Monsanto Speaker: Claremont is “By Far the Worst Student Audience” Ever Encountered

After students heavily protested her lecture at Harvey Mudd College last night, Dr. Chrissy Lawrence of Monsanto Company, an agricultural biotechnology corporation, canceled the lecture she was slated to give at the Keck Science Center. “I don’t know how many of you attended last night’s talk from a Monsanto scientist, but some of the students behaved unprofessionally,” noted a Harvey Mudd College professor in an email obtained by the Claremont Independent. “The Monsanto speaker said that in all her years of presenting to students in colleges/universities that last night’s student audience was by far the worst student audience she had ever encountered.”

Much of the backlash against the Monsanto representative came from Pitzer College students. In an open letter published in The Student Life, Adin Bonapart (PZ ’16) criticized the decision to allow Dr. Lawrence a platform to speak since she is associated with “private interests from monopolistic corporations.”

“Because of the controversial nature of this topic, I urge you to postpone Dr. Lawrence’s visit and invite her to return as a panelist alongside knowledgeable academics and a more diverse set of voices, or revoke her invitation completely,” Bonapart writes. “As the most-hated corporation on earth, Monsanto and its subsidiaries should NOT be freely allowed to promote themselves at our academic institutions.”

“Monsanto’s products and policies are unsafe, unjust, unsustainable, violent and undemocratic,” Bonapart continues. “It would be a great shame to myself and to many of my peers if Dr. Lawrence was allowed to speak on campus.”

Several other Pitzer students expressed similar concerns regarding Dr. Lawrence’s lecture in a Student Talk email thread. “Monsanto’s legacy on land and people all over the world has been horrific,” notes one student. “I do not flinch when arguing that they have, and are still, involved in committing mass genocide onto our entire biosphere.”

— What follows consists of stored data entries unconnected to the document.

Definition is_clique (T : finType) (e : rel T) (K : {set T}) : Prop :=
  forall x y, x \in K -> y \in K -> x != y -> e x y.

Definition is_independent (T : finType) (e : rel T) (I : {set T}) : Prop :=
  forall x y, x \in I -> y \in I -> ~~ e x y.

Definition split_graph (T : finType) (e : rel T) : Prop :=
  exists K : {set T}, is_clique e K /\ is_independent e (~: K).

(* A vertex ordering sigma is represented by the sequence
   [:: sigma(1); ...; sigma(n)]: a duplicate-free enumeration of all vertices.
   Position p (0-based) in the sequence corresponds to number p.+1. *)
Definition vertex_ordering (T : finType) (s : seq T) : Prop :=
  uniq s /\ forall v : T, v \in s.

(* label of x just before step i.+1 (i.e. after sigma(1..i) were numbered):
   the numbers j.+1, j < i, such that sigma(j.+1) is adjacent to x. *)
Definition dfs_label (T : finType) (e : rel T) (s : seq T) (i : nat) (x : T)
  : seq nat :=
  [seq j.+1 | j <- iota 0 i & e (nth x s j) x].

Definition seq_max (A : seq nat) : nat := foldr maxn 0 A.

Definition label_prec (A B : seq nat) : bool :=
  ((A == [::]) && (B != [::])) ||
  [&& A != [::], B != [::] & seq_max A < seq_max B].

(* sigma is a DFS ordering: produced by the label search, i.e. at each step
   i.+1 the chosen vertex sigma(i.+1) has no unnumbered y with a larger label. *)
Definition is_DFS_ordering (T : finType) (e : rel T) (s : seq T) : Prop :=
  vertex_ordering s /\
  forall (i : nat) (y : T), i < size s -> y \in drop i s ->
    ~~ label_prec (dfs_label e s i (nth y s i)) (dfs_label e s i y).

Definition F_parent (T : finType) (e : rel T) (s : seq T) (u : T) : T :=
  nth u s (find (e u) s).

Definition F_tree_adj (T : finType) (e : rel T) (s : seq T) (u w : T) : bool :=
  ((u != head u s) && (F_parent e s u == w)) ||
  ((w != head w s) && (F_parent e s w == u)).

In the same email thread, another Pitzer student stated, “This is not a matter of refusing to listen to the other side. It is about standing up for human and land rights… and holding our colleges accountable for doing the same.”

“Monsanto, who not only creates their own research, but has proprietary rights over it, has unmitigated discretion over what studies get, and don’t get published,” the student continues. “Not only this, but the company has been known to silence other research that doesn’t fit their agenda!”

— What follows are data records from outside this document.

Local Open Scope ereal_scope.
Definition sepmin (H : Type) (d : H -> H -> R) (I : finType) (h : I -> H) : \bar R :=
  \big[mine/+oo]_(i : I) \big[mine/+oo]_(j : I | i != j) (d (h i) (h j))%:E.
Definition dsup (H : Type) (d : H -> H -> R) (I : finType) (h : I -> H) (J : {set I}) : \bar R :=
  \big[maxe/-oo]_(i in J) \big[maxe/-oo]_(j in J) (d (h i) (h j))%:E.
Definition dbetween (H : Type) (d : H -> H -> R) (I : finType) (h : I -> H)
  (J K : {set I}) : \bar R :=
  \big[mine/+oo]_(i in J) \big[mine/+oo]_(j in K) (d (h i) (h j))%:E.
Definition dQmax (H : Type) (d : H -> H -> R) (I : finType) (h : I -> H)
  (Q : {set {set I}}) : \bar R :=
  \big[maxe/-oo]_(J in Q) dsup d h J.
Definition dQmin (H : Type) (d : H -> H -> R) (I : finType) (h : I -> H)
  (Q : {set {set I}}) : \bar R :=
  \big[mine/+oo]_(J in Q) \big[mine/+oo]_(K in Q | J != K) dbetween d h J K.
Definition DeltaQ (H : Type) (d : H -> H -> R) (I : finType) (Q : {set {set I}})
  (alpha beta : R) : set (I -> H) :=
  [set h | dQmax d h Q <= alpha%:E /\ beta%:E < dQmin d h Q].
Local Close Scope ereal_scope.

Definition exp_mixing_all_orders (H : Type) (inv : H -> H) (d : H -> H -> R)
  (dX : measure_display) (X : measurableType dX) (mu : probability X R)
  (act : H -> X -> X) (A : set (X -> R)) (N : nat -> (X -> R) -> R)
  (delta : nat -> R) (sk : nat -> nat) : Prop :=
  forall k, (2 <= k)%N ->
    0 < delta k /\ (0 < sk k)%N /\
    forall s, (sk k < s)%N -> exists C : R,
      forall (f : 'I_k -> X -> R) (h : 'I_k -> H), (forall i, A (f i)) ->
        `| muI mu (fun x => \prod_(i < k) hact inv act (h i) (f i) x)
           - \prod_(i < k) muI mu (f i) |
        <= C * expR (- (delta k * fine (sepmin d h))) * \prod_(i < k) N s (f i).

The student closes by stating, “I understand the importance of listening to, and grappling with differing points of view. This type of dialogue creates important critical thought, as well as individuals whose values are better equipped and informed. I will argue however, that Monsanto has too much disproportionate power: this conversation will not be equal, or truthful. To welcome them to our campus is an expression that we welcome and approve of crimes they have, and continue to commit.”

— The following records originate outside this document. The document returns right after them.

Lemma exists_maxsub_eq1 c0 ms : 0 <= c0 ->
  (forall d, 0 < d -> exists2 mu, ms - d < mu & exists x, subeigen mu x /\ nonzero x) ->
  exists i0, forall mu, c0 <= mu < ms -> maxsub mu i0 = 1.
Proof.
move=> c0_ge0 near_ms; apply: contrapT => no_i0.
have below i : exists2 mu, c0 <= mu < ms & maxsub mu i < 1.
  have /existsNP [mu /not_implyP [mu_in ne1]] := (forallNP _).2 no_i0 i.
  by exists mu => //; rewrite lt_neqAle maxsub_le1 andbT; apply/eqP.
have [d d_gt0 delta] : exists2 d, 0 < d &
    forall i, exists2 mu, c0 <= mu /\ mu + d <= ms & maxsub mu i < 1.
  apply: exists_uniform_delta => i; have [mu /andP [c0_mu lt_mu] lt1] := below i.
  exists (ms - mu) => [|e _ le_e]; first by rewrite subr_gt0.
  by exists mu => //; split => //; lra.
have [mu lt_mu [x [sx nzx]]] := near_ms d d_gt0.
have [i mu_i1] := maxsub_eq1 sx nzx.
have [mu_i [c0_mu_i le_mu_i] lt1] := delta i.
have le_mu : mu_i <= mu by lra.
by have := maxsub_le i (le_trans c0_ge0 c0_mu_i) le_mu; rewrite mu_i1; lra.
Qed.

Lemma exists_maximal_subeigen c0 : 0 < c0 -> (exists x, subeigen c0 x /\ nonzero x) ->
  exists mu, [/\ c0 <= mu, exists x, subeigen mu x /\ nonzero x &
    forall mu' x, mu < mu' -> subeigen mu' x -> ~ nonzero x].
Proof.
move=> c0_gt0 sx0.
pose L := [set mu | c0 <= mu /\ exists x, subeigen mu x /\ nonzero x]%classic.
have L_ub : ubound L N by move=> mu [_ [x [sx nzx]]]; exact: subeigen_le_card sx nzx.
have L_sup : has_sup L by split; [exists c0 | exists N].
have c0_ms : c0 <= sup L by apply: ub_le_sup; [exists N | split].
exists (sup L); split => //; last first.
  move=> mu' x lt_mu sx nzx; have : L mu' by split; [lra | exists x].
  by move/(ub_le_sup (ex_intro _ N L_ub)); lra.
have [->|ms_neq] := eqVneq (sup L) c0; first exact: sx0.
have c0_lt : c0 < sup L by rewrite lt_neqAle eq_sym ms_neq c0_ms.
have [i0 maxsub_i0] : exists i0, forall mu, c0 <= mu < sup L -> maxsub mu i0 = 1.
  apply: exists_maxsub_eq1 (ltW c0_gt0) _ => d d_gt0.
  by have [mu [_ sx] lt_mu] := sup_adherent d_gt0 L_sup; exists mu.
exists (maxsub_lim c0 (sup L)); split; first exact: maxsub_lim_subeigen (ltW c0_gt0) c0_lt.
have w_ge1 : 1 <= maxsub_lim c0 (sup L) i0.
  apply: lb_le_inf; first by case: (maxsub_lim_has_inf i0 c0_lt).
  by move=> _ [mu mu_in <-]; rewrite maxsub_i0.
by exists i0; apply: lt0r_neq0; apply: lt_le_trans w_ge1.
Qed.

End MaximalSubeigenvalue.

Section Eigenvalues.
Variables (R : rcfType) (V : finType) (adj : rel V) (k : nat).
Local Open Scope complex_scope.

Local Notation N := (#|{ffun 'I_k -> V}|%:R : R).

Lemma kadj_apply_real (x : V -> R) i :
  kadj_apply adj k (fun j => (x j)%:C) i = ((k`!%:R)^-1 * kadj_sum adj k x i)%:C.
Proof.
rewrite /kadj_apply rmorphM fmorphV rmorph_nat rmorph_sum mulr_sumr.
rewrite [RHS]big_mkcond /=; apply: eq_bigr => f _.
rewrite /kadj_entry -/(kneighbours adj i f) rmorph_prod.
by case: (kneighbours adj i f); rewrite ?mul0r.
Qed.

Lemma kadj_eigenvalue_norm_le (l : R[i]) : kadj_eigenvalue adj k l ->
  Num.sqrt (complex.Re l ^+ 2 + complex.Im l ^+ 2) <= N.
Proof.
move=> [x [[i1 xi1] eig_x]].
pose nu i := Num.sqrt (complex.Re (x i) ^+ 2 + complex.Im (x i) ^+ 2).
have [j _ max_j] := @arg_maxP _ R V i1 xpredT nu isT.
have le_xj i : `|x i| <= `|x j| by rewrite !normc_def lecR; apply: max_j.
have xjk_gt0 : 0 < `|x j| ^+ k by rewrite exprn_gt0 // (lt_le_trans _ (le_xj i1)) ?normr_gt0.
suff : `|l| <= N%:C by rewrite normc_def lecR.
rewrite -(ler_pM2r xjk_gt0) -normrX -normrM -eig_x /kadj_apply normrX.
apply: le_trans (ler_norm_sum _ _ _) _.
have -> : N%:C * `|x j| ^+ k = \sum_(f : {ffun 'I_k -> V}) `|x j| ^+ k.
  by rewrite sumr_const rmorph_nat mulr_natl.
apply: ler_sum => f _.
rewrite normrM normr_prod -[`|x j| ^+ k]mul1r; apply: ler_pM; rewrite ?prodr_ge0 //.
- rewrite /kadj_entry; case: ifP => _; last by rewrite normr0 ler01.
  rewrite normfV ger0_norm ?ler0n // invr_le1 ?ler1n ?ltr0n ?fact_gt0 //.
  by rewrite unitfE pnatr_eq0 -lt0n fact_gt0.
- by rewrite -[k in _ ^+ k]card_ord -prodr_const; apply: ler_prod => m _; rewrite normr_ge0 le_xj.
Qed.

Lemma kcore_of_kadj_eigenvalue (l : R[i]) :
  kadj_eigenvalue adj k l -> l != 0 -> has_kcore adj k.
Proof.
move=> [x [[i1 xi1] eig_x]] l_neq0.
exists [set i | x i != 0]; split; first by apply/set0Pn; exists i1; rewrite inE.
move=> i; rewrite inE => xi.
have A_neq0 : kadj_apply adj k x i != 0 by rewrite eig_x mulf_neq0 // expf_neq0.
have [f [f_i xf]] : exists f, kneighbours adj i f /\ \prod_(j < k) x (f j) != 0.
  apply: contrapT => no_f; move/eqP: A_neq0; apply; apply: big1 => f _.
  rewrite /kadj_entry -/(kneighbours adj i f); case: ifPn => f_i; last by rewrite mul0r.
  have [-> |xf] := eqVneq (\prod_(j < k) x (f j)) 0; first by rewrite mulr0.
  by case: no_f; exists f.
have f_inj : injective f by case/and3P: f_i => /injectiveP.
rewrite -[k in (k <= _)%N]card_ord -(card_imset (mem 'I_k) f_inj).
apply: subset_leq_card; apply/fintype.subsetP => _ /imsetP [m _ ->].
by rewrite !inE kneighbours_adj //=; move/prodf_neq0: xf => /(_ m isT).
Qed.

End Eigenvalues.

Section SpectralRadius.
Variables (R : realType) (V : finType) (adj : rel V) (k : nat).
Hypotheses (adj_sym : symmetric adj) (adj_irr : irreflexive adj) (k_gt0 : (0 < k)%N).
Local Open Scope complex_scope.

Lemma rho_k_ge1 : has_kcore adj k -> 1 <= rho_k R adj k.
Proof.
move=> [S [S_ne S_core]].
have fact_gt0 : 0 < (k`!%:R : R) by rewrite ltr0n fact_gt0.
have S_sub : exists x : V -> R, subeigen adj k k`!%:R x /\ nonzero x.
  have /set0Pn [i0 i0S] := S_ne.
  exists (fun i => if i \in S then 1 else 0); split; first exact: kcore_subeigen.
  by exists i0; rewrite i0S oner_neq0.
have [mu [le_mu mu_sub maximal]] := exists_maximal_subeigen k_gt0 fact_gt0 S_sub.
have [x [[i xi] eig_x]] :=
  eigen_of_maximal adj_sym adj_irr k_gt0 (lt_le_trans fact_gt0 le_mu) mu_sub maximal.
pose l := (k`!%:R)^-1 * mu.
have l_ge1 : 1 <= l by rewrite /l mulrC ler_pdivlMr // mul1r.
have l_eig : kadj_eigenvalue adj k l%:C.
  exists (fun j => (x j)%:C); split; first by exists i; rewrite fmorph_eq0.
  by move=> j; rewrite kadj_apply_real eig_x /l -rmorphXn -rmorphM mulrA.
apply: (le_trans l_ge1); apply: ub_le_sup.
  by exists #|{ffun 'I_k -> V}|%:R => _ [l' l'_eig <-]; exact: (kadj_eigenvalue_norm_le l'_eig).
by exists l%:C => //=; rewrite expr0n addr0 sqrtr_sqr ger0_norm //; lra.
Qed.

Lemma kcore_of_rho_k_gt0 : 0 < rho_k R adj k -> has_kcore adj k.
Proof.
move=> rho_gt0; apply: contrapT => no_core.
suff : rho_k R adj k <= 0 by lra.
rewrite /rho_k; set E := (X in sup X).
have E0 r : E r -> r = 0.
  case=> l l_eig <-; have -> : l = 0.
    by apply: contrapT => /eqP l_neq0; exact: no_core (kcore_of_kadj_eigenvalue l_eig l_neq0).
  by rewrite /= expr0n addr0 sqrtr0.
have [[r Er]|E_empty] := pselect (exists r, E r).
  by apply: ge_sup => [|s /E0 ->]; first exists r.
by rewrite sup_out // => [[[r Er] _]]; apply: E_empty; exists r.
Qed.

End SpectralRadius.

Theorem theorem3p1 (R : realType) (V : finType) (adj : rel V) (k : nat) :
  simple_graph adj -> (1 <= k)%N ->
  (has_kcore adj k <-> 1 <= @rho_k R V adj k).
Proof.
move=> [adj_sym adj_irr] k_gt0; split; first exact: rho_k_ge1.
by move=> rho_ge1; apply: kcore_of_rho_k_gt0; lra.
Qed.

A physics professor from the Keck Science Department responded to this student by pointing out that, “There’s unfortunately a lot of misinformation floating around about Monsanto and GMOs in general. Specifically, the highlighted quote from the final article in [name redacted]’s first email is from 2009 and out of date. Articles further investigating that issue show that Monsanto does not have any veto power over independent research at US universities.”

“The current situation is not perfect, but it’s not nearly as bad as that Scientific American article made it out to be,” the professor continues. “And it’s certainly not the case that Monsanto has ‘unmitigated discretion’ over what research gets published.”

In place of Dr. Lawrence’s lecture, the Keck Science Department will host an open discussion tomorrow focusing on exchanging ideas on college campuses.